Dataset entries
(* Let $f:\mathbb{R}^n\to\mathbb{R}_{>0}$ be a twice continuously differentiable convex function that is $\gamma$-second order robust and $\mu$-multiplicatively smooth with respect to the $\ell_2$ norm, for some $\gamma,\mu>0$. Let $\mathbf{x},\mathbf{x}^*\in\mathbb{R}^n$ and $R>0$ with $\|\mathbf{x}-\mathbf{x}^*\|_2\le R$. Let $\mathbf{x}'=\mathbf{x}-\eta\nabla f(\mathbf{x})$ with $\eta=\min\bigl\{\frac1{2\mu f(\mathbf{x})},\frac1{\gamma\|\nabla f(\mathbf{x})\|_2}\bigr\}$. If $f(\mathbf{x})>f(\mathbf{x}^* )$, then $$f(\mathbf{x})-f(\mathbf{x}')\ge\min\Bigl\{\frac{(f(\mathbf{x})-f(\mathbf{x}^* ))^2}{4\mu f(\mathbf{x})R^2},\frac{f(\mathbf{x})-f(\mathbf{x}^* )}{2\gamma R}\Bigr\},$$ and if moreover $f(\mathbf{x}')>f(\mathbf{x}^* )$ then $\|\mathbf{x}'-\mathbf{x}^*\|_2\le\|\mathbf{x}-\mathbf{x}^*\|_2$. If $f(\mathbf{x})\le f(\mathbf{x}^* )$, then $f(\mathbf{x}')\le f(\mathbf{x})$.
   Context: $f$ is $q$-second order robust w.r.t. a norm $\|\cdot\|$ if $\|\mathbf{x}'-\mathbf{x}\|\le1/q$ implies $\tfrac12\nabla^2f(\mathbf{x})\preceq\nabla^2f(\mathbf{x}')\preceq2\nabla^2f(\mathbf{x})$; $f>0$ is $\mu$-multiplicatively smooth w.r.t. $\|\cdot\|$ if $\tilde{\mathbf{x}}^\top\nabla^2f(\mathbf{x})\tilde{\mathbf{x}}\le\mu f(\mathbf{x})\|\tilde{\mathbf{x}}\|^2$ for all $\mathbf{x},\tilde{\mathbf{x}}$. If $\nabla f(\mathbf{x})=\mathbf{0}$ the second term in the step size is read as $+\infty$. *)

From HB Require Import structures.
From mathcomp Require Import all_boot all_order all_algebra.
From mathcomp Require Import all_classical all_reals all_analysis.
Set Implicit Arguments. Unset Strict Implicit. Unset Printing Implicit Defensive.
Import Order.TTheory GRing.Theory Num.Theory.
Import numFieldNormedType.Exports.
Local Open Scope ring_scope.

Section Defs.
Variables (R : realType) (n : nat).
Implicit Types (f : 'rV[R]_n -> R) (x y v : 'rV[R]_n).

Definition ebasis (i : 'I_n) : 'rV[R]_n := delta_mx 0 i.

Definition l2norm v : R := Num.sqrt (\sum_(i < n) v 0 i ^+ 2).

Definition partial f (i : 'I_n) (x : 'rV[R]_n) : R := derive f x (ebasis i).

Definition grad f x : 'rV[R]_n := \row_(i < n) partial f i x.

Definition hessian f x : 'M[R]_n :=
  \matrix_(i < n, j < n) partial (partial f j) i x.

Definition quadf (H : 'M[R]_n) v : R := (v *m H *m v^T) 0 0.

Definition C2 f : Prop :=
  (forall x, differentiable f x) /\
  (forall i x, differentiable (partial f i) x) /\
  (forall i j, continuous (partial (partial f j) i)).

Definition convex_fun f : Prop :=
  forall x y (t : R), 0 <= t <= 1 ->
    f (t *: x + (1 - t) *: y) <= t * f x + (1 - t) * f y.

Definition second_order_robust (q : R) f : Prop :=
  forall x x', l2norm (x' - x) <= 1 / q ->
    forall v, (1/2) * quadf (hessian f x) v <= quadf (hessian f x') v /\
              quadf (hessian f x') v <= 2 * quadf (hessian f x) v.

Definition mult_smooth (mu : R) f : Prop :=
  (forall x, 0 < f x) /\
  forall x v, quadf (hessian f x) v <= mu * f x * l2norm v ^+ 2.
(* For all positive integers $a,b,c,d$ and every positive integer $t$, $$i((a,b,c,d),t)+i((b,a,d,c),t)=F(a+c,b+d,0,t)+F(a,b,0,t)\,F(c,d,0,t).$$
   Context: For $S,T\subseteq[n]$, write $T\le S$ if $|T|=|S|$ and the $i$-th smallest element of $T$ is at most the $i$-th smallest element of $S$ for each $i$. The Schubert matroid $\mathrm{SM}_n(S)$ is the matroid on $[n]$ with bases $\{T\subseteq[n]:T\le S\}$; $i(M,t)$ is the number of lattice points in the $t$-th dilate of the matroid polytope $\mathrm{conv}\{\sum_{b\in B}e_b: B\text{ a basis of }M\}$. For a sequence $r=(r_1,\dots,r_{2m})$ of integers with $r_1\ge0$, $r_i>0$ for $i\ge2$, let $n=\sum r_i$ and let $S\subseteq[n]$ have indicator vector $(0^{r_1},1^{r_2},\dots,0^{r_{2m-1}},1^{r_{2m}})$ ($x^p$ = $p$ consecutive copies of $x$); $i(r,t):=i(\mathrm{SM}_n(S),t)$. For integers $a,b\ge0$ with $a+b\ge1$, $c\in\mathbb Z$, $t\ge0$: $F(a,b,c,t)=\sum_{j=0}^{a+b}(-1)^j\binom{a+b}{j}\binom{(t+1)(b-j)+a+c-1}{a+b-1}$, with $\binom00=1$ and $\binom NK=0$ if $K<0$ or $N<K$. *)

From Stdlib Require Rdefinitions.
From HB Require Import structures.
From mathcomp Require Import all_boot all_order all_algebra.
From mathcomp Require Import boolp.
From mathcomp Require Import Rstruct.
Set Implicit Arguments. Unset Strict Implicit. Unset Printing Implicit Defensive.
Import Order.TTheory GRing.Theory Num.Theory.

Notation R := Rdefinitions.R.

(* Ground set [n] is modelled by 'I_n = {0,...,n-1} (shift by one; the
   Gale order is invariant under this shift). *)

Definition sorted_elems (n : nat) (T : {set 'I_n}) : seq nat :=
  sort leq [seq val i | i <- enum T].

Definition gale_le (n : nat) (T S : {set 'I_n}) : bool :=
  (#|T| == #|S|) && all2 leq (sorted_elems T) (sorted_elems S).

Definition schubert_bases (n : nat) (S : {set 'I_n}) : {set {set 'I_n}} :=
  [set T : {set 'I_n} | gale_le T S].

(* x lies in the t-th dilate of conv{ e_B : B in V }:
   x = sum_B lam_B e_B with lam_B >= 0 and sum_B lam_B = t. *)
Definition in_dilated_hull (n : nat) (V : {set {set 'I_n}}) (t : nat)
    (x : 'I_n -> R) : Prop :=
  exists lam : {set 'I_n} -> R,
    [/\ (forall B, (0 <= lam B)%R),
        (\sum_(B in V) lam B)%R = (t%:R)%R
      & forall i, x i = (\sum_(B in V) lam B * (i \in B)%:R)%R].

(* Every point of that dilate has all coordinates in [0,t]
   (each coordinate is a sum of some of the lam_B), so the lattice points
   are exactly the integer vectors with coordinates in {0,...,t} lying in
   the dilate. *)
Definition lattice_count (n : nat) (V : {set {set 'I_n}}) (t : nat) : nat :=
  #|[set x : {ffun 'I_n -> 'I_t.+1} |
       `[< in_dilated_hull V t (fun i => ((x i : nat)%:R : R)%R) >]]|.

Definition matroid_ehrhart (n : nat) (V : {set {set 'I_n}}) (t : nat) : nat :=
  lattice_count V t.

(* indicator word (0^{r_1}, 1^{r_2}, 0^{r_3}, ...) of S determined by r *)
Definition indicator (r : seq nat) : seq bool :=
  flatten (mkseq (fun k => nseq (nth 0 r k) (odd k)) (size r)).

- Work to complete
Wherever the line holding "Definition partial f" falls in the entries above, copy exactly from it through the line holding "(forall i x, differentiable", inclusive, and add nothing.

- Exercise answer
Definition partial f (i : 'I_n) (x : 'rV[R]_n) : R := derive f x (ebasis i).

Definition grad f x : 'rV[R]_n := \row_(i < n) partial f i x.

Definition hessian f x : 'M[R]_n :=
  \matrix_(i < n, j < n) partial (partial f j) i x.

Definition quadf (H : 'M[R]_n) v : R := (v *m H *m v^T) 0 0.

Definition C2 f : Prop :=
  (forall x, differentiable f x) /\
  (forall i x, differentiable (partial f i) x) /\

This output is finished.